• MORE INFO

    Recipe:

    • Tomato, Salami, Basil & Olive Quiche
    • Serves: 8-10 people
    • Time: 40 min
    • This beautiful looking quiche leaves a great first impression. Whether it’s brunch or lunch, the combination of flavours “just work”.

    INGREDIENTS

    • 1 large tomato
    • B-well Olive Canola Oil
    • 50g parmesan
    • 200g cheddar cheese
    • handful of feta cheese
    • 10 olive halves
    • 8 thin slices of salami
    • 2 eggs
    • 285ml pot double cream
    • handful of basil leaves, shredded, (plus a few small ones left whole for garnishing)
    • 2 tsp Salt
    • 1 tsp Black Pepper
    • store bought puff pastry

    PREPARATION

    • Preheat oven to 200°C and grease a 23cm diameter flan pan.
    • Use store bought pastry to line the base and sides of the pan.
    • Blind bake the pastry by placing a sheet of baking paper over it and pouring enough uncooked rice or beans over the paper to completely cover the base.
    • Bake for 10 minutes then remove from oven and discard paper and rice.

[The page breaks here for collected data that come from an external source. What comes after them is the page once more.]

Lemma parts_glue p : agree_unmirrored p.1 p.2 ->
  (forward_part (glue p), backward_part (glue p)) = p.
Proof.
case: p => L L' /forallP /= agree; congr pair; apply/ffunP => e; rewrite !ffunE //.
rewrite /mir; case: insubP => [u _ <- // | e_unmirrored] /=.
exact/eqP/(implyP (agree e)).
Qed.

Lemma glue_parts l : glue (forward_part l, backward_part l) = l.
Proof. by apply/ffunP => -[e | u]; rewrite !ffunE //= mir_mirrored. Qed.

Lemma agree_unmirrored_parts l : agree_unmirrored (forward_part l) (backward_part l).
Proof.
by apply/forallP => e; apply/implyP => e_unmirrored; rewrite !ffunE mir_unmirrored.
Qed.

Lemma tc_value_TQ : tc_value (TQ x) =
  \sum_(L : {ffun wire Q -> bool}) \sum_(L' : {ffun wire Q -> bool})
    (if agree_unmirrored L L' && (~~ L (out_wire Q (answer Q)) && ~~ L' (out_wire Q (answer Q)))
     then weight L * (weight L')^* else 0).
Proof.
pose F (p : {ffun wire Q -> bool} * {ffun wire Q -> bool}) :=
  if ~~ p.1 (out_wire Q (answer Q)) && ~~ p.2 (out_wire Q (answer Q))
  then weight p.1 * (weight p.2)^* else 0.
rewrite pair_big /= (eq_bigr (fun p => if agree_unmirrored p.1 p.2 then F p else 0)); last first.
  by move=> [L L'] _; rewrite /F /=; case: agree_unmirrored.
rewrite -big_mkcond (reindex_onto (fun l => (forward_part l, backward_part l)) glue) /=.
  apply: eq_big => [l | l _]; last by rewrite TQ_vertex_prod.
  by rewrite agree_unmirrored_parts glue_parts eqxx.
exact: parts_glue.
Qed.

End Circuit.

Unset Implicit Arguments.
Theorem lemma4 (C : numClosedFieldType) (Q : opcircuit C)
  (x : 'I_(n_in Q) -> bool) :
  @wf_circuit C Q ->
  tc_value (@TQ C Q x) = norm2 (@circ_out0 C Q x).
Proof.
move=> wfQ; rewrite tc_value_TQ (norm2_circ_out0 x wfQ).
by apply: eq_bigr => L _; apply: eq_bigr => L' _; rewrite agree_unmirrored_answer.
Qed.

Reduce oven temperature to 180°C.
    • Combine eggs, cream, and salt and pepper in a jug and whisk to combine.
    • Pour over mixture in the pastry case.
    • Grate cheddar and sprinkle over the top of the quiche.
    • Bake the quiche for 30 minutes and briefly remove from the oven.
    • Layer over the top of the quiche thinly sliced tomatoes, small feta cubes/chunks, halved olives, parmesan and salami.
    • Return to oven and bake for 5 minutes.
    • Remove from oven and sprinkle over shredded and whole basil.
    • Drizzle over some B-well Olive Canola Oil and serve.